### Aim of the task
Please copy out the entries below exactly, beginning with the line that contains "exists (q *" and ending with the line that contains "IH; [exact Hxy|].", and include nothing outside that span.

### Data excerpts
--- START ---
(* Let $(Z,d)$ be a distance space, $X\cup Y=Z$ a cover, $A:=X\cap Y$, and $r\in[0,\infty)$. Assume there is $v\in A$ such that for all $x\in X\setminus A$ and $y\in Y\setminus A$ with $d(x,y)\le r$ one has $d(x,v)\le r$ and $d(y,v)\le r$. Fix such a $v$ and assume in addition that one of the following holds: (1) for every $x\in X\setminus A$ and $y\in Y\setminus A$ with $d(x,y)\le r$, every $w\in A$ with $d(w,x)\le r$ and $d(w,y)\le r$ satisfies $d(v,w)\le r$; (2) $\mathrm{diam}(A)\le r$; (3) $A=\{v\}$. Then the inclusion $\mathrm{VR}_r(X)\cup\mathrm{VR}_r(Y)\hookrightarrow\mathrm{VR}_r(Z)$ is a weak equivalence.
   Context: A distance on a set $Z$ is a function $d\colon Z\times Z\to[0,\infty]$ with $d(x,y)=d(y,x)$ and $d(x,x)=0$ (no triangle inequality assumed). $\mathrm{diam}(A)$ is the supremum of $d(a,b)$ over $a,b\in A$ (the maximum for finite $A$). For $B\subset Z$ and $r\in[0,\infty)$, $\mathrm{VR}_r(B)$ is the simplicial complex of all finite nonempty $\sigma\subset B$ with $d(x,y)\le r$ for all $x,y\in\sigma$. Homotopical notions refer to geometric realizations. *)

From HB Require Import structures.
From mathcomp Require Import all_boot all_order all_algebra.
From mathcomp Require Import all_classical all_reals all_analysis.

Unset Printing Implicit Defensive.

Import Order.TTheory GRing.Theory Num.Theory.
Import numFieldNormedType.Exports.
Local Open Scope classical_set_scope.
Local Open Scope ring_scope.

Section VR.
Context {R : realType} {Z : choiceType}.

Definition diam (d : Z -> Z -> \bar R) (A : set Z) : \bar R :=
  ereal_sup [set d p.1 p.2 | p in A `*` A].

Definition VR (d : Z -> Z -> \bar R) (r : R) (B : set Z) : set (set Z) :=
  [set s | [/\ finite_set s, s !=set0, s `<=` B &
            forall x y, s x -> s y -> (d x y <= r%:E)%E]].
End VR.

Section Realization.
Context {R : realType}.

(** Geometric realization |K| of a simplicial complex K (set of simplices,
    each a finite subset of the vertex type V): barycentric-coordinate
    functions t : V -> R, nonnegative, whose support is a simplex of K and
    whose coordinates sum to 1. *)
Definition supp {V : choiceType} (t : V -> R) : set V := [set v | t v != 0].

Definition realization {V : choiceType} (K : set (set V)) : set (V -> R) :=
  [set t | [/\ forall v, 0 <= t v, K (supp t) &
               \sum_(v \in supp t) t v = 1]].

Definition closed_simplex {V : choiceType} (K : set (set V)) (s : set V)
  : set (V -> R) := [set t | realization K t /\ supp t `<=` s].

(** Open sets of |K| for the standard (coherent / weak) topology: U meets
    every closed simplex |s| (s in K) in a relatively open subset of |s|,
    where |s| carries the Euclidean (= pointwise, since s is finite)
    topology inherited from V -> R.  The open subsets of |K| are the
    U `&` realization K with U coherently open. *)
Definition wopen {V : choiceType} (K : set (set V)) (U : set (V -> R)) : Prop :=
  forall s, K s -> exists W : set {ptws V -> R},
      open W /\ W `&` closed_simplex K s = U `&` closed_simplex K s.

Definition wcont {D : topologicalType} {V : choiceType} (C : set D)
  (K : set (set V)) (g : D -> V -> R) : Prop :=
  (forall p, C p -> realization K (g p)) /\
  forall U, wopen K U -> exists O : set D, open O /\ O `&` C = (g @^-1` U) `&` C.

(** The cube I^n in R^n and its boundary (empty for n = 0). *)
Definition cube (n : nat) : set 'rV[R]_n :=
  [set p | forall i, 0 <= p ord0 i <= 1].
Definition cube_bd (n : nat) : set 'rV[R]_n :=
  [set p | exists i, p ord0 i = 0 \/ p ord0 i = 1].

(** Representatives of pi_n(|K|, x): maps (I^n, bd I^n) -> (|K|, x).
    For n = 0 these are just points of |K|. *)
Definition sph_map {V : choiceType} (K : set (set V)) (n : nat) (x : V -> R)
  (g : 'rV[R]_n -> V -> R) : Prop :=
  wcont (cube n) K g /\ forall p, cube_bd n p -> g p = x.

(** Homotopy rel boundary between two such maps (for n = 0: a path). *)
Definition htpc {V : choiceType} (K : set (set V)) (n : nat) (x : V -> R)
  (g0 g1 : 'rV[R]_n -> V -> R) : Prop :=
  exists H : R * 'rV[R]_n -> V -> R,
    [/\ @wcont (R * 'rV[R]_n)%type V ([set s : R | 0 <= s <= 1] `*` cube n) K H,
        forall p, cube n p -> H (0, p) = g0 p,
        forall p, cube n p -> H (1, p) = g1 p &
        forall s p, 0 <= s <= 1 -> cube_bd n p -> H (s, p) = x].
--- END ---
--- START ---
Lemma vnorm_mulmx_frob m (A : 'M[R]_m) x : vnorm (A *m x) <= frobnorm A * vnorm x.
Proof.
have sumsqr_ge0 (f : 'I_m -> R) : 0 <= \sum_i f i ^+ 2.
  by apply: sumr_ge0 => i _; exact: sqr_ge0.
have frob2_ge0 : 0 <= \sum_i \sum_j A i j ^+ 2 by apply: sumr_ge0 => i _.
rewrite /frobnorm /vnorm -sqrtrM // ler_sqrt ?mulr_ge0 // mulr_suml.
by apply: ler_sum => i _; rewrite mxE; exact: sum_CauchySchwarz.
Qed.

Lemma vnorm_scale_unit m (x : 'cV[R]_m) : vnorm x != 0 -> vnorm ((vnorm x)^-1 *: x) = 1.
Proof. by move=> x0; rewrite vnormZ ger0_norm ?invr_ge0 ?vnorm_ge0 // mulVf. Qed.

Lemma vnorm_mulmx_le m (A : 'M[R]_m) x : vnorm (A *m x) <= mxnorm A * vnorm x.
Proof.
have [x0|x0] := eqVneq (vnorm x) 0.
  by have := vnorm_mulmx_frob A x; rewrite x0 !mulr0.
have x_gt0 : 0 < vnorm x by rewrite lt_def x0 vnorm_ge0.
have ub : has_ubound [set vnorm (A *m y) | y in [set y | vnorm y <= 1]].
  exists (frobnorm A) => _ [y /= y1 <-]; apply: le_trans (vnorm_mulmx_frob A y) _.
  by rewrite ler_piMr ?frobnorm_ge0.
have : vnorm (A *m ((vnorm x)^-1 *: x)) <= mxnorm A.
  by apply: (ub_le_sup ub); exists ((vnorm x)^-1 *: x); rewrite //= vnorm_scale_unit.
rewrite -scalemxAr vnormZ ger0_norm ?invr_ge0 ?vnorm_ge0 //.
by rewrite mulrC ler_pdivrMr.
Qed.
--- END ---
--- START ---
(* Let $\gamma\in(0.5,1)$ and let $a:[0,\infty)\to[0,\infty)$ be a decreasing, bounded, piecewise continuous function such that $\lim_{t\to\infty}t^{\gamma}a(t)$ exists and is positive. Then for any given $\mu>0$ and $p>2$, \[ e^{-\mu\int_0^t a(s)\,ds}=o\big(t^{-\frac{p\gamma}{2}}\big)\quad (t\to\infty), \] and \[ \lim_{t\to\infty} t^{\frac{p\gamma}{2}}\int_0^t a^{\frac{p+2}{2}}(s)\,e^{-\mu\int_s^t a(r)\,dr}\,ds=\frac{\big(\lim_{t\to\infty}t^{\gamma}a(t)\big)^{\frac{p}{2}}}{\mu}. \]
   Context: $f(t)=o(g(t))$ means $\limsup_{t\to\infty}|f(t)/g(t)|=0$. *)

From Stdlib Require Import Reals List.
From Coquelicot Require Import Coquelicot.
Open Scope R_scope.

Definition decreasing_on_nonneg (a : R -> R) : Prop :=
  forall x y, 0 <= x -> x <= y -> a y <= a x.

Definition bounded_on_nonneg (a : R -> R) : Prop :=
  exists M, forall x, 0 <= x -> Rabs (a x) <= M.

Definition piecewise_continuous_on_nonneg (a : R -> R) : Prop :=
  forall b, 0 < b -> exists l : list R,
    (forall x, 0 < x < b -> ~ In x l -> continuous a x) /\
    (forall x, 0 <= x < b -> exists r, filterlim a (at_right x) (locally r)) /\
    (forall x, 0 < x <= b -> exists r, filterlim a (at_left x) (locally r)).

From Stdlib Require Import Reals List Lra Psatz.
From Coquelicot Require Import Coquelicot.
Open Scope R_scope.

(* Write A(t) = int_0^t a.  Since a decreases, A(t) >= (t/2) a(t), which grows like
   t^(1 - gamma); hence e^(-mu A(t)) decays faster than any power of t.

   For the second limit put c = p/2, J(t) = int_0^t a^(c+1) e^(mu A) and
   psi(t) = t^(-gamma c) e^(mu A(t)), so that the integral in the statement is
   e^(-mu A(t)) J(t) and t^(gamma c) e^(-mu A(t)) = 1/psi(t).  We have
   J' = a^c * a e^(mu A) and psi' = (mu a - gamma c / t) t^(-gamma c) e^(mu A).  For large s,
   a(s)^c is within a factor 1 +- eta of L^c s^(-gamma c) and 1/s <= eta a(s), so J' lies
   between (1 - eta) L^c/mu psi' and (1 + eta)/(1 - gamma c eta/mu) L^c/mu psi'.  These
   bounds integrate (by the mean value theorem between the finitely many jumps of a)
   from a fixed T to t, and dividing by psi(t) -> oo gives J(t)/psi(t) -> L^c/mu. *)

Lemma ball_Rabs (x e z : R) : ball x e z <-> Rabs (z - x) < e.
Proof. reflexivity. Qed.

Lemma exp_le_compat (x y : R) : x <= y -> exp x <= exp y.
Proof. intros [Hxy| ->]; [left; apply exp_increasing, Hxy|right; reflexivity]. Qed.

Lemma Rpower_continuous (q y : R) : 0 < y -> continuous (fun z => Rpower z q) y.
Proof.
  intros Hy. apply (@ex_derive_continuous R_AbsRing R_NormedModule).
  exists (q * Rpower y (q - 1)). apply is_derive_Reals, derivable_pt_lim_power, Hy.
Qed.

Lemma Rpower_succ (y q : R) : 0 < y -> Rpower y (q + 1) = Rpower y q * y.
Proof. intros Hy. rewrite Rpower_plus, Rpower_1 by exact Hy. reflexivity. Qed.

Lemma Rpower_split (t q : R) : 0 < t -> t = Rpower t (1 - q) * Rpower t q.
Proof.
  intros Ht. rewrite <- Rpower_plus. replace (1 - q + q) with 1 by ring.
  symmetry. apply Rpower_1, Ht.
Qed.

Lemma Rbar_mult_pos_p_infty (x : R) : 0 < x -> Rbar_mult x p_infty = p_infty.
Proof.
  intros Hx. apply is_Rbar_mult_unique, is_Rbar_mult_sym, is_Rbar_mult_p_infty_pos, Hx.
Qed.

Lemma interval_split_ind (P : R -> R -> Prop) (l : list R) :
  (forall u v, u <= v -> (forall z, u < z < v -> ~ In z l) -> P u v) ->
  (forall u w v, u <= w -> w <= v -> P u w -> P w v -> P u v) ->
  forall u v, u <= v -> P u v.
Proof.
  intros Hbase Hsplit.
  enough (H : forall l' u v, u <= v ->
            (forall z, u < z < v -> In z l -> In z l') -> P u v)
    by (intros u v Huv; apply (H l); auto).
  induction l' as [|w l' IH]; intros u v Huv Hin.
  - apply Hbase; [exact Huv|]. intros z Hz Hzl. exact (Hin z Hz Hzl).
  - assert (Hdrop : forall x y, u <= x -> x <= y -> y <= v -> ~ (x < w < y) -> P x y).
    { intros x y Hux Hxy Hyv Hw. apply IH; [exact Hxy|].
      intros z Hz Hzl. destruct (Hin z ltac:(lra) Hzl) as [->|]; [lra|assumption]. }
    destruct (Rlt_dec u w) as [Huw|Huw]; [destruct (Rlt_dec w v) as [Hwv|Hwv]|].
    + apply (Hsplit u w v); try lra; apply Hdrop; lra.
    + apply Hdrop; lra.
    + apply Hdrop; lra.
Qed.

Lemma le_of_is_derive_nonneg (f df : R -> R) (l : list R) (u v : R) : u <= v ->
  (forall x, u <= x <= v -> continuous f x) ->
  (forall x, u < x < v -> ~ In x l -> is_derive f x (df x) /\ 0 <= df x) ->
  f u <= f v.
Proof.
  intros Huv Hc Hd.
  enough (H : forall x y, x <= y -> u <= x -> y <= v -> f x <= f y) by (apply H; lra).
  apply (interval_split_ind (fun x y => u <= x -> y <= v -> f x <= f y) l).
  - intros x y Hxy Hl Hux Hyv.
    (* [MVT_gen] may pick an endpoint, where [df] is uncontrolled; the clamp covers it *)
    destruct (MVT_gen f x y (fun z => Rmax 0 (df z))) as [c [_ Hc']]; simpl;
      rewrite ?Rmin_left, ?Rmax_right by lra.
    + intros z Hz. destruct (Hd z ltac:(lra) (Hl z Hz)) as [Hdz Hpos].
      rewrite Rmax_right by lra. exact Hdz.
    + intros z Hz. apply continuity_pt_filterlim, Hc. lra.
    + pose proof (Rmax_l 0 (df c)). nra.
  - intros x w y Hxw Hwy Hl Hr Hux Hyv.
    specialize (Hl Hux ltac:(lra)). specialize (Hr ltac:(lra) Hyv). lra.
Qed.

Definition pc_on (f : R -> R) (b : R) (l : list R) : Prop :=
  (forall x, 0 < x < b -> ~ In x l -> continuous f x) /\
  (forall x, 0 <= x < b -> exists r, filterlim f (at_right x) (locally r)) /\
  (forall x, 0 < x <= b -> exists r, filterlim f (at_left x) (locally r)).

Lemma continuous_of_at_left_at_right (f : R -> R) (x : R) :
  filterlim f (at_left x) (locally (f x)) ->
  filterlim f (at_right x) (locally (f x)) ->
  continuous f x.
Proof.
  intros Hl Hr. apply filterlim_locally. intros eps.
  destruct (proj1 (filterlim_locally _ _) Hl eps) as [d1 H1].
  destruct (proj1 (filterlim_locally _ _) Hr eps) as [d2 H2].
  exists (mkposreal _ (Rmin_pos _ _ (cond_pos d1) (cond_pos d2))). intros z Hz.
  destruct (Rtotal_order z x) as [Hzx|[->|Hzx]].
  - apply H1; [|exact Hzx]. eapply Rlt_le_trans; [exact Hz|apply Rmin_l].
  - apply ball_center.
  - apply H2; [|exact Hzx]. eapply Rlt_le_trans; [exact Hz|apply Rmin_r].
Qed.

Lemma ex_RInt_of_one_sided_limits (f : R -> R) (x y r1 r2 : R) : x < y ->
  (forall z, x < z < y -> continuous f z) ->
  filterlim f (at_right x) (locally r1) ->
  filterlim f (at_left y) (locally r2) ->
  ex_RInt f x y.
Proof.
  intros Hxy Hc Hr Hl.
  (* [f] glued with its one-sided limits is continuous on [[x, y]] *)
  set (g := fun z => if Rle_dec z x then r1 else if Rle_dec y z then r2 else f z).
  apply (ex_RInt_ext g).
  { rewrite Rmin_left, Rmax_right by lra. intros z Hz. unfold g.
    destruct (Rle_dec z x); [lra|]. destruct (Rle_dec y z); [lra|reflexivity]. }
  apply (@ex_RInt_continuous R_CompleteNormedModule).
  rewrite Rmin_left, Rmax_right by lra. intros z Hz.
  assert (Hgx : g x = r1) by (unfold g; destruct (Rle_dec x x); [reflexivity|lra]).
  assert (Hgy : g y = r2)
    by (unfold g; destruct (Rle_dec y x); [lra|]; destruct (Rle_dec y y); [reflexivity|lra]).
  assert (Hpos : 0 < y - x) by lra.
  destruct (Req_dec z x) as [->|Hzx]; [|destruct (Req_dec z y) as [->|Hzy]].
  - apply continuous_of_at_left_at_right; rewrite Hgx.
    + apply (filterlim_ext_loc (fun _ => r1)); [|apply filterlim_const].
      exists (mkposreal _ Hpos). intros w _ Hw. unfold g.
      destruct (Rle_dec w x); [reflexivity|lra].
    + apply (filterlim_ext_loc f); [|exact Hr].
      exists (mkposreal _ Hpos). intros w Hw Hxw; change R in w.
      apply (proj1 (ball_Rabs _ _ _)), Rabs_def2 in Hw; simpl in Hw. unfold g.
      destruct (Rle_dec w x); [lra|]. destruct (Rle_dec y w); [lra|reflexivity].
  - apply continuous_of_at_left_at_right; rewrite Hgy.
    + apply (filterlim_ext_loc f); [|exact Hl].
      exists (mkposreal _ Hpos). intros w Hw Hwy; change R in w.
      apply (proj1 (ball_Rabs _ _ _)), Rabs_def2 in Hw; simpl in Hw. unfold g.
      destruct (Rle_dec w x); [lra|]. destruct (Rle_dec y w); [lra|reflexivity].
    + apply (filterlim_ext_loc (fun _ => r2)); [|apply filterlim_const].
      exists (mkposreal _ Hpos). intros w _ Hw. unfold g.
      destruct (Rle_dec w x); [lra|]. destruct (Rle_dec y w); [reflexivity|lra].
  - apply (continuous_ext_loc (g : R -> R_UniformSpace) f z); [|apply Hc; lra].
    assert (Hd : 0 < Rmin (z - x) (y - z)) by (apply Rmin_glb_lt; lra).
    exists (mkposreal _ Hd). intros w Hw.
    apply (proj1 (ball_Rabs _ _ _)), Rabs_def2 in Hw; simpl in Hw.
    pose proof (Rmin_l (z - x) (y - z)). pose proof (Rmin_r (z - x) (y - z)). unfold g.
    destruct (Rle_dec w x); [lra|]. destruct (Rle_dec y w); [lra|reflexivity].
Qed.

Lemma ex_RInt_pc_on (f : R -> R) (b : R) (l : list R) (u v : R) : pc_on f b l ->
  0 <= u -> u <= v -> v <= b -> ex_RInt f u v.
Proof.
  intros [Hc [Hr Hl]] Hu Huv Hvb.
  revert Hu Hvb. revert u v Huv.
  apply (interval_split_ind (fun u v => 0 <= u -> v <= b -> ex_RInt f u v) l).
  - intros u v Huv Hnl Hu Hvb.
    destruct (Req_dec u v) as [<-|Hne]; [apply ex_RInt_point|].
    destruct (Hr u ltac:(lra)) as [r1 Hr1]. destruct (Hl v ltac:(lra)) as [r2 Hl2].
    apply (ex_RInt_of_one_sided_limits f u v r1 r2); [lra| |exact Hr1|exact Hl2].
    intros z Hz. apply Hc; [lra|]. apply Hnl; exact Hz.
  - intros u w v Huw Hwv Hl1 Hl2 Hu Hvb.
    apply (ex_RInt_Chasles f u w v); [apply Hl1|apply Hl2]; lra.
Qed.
--- END ---
### Solution below
  exists (q * Rpower y (q - 1)). apply is_derive_Reals, derivable_pt_lim_power, Hy.
Qed.

Lemma Rpower_succ (y q : R) : 0 < y -> Rpower y (q + 1) = Rpower y q * y.
Proof. intros Hy. rewrite Rpower_plus, Rpower_1 by exact Hy. reflexivity. Qed.

Lemma Rpower_split (t q : R) : 0 < t -> t = Rpower t (1 - q) * Rpower t q.
Proof.
  intros Ht. rewrite <- Rpower_plus. replace (1 - q + q) with 1 by ring.
  symmetry. apply Rpower_1, Ht.
Qed.

Lemma Rbar_mult_pos_p_infty (x : R) : 0 < x -> Rbar_mult x p_infty = p_infty.
Proof.
  intros Hx. apply is_Rbar_mult_unique, is_Rbar_mult_sym, is_Rbar_mult_p_infty_pos, Hx.
Qed.

Lemma interval_split_ind (P : R -> R -> Prop) (l : list R) :
  (forall u v, u <= v -> (forall z, u < z < v -> ~ In z l) -> P u v) ->
  (forall u w v, u <= w -> w <= v -> P u w -> P w v -> P u v) ->
  forall u v, u <= v -> P u v.
Proof.
  intros Hbase Hsplit.
  enough (H : forall l' u v, u <= v ->
            (forall z, u < z < v -> In z l -> In z l') -> P u v)
    by (intros u v Huv; apply (H l); auto).
  induction l' as [|w l' IH]; intros u v Huv Hin.
  - apply Hbase; [exact Huv|]. intros z Hz Hzl. exact (Hin z Hz Hzl).
  - assert (Hdrop : forall x y, u <= x -> x <= y -> y <= v -> ~ (x < w < y) -> P x y).
    { intros x y Hux Hxy Hyv Hw. apply IH; [exact Hxy|].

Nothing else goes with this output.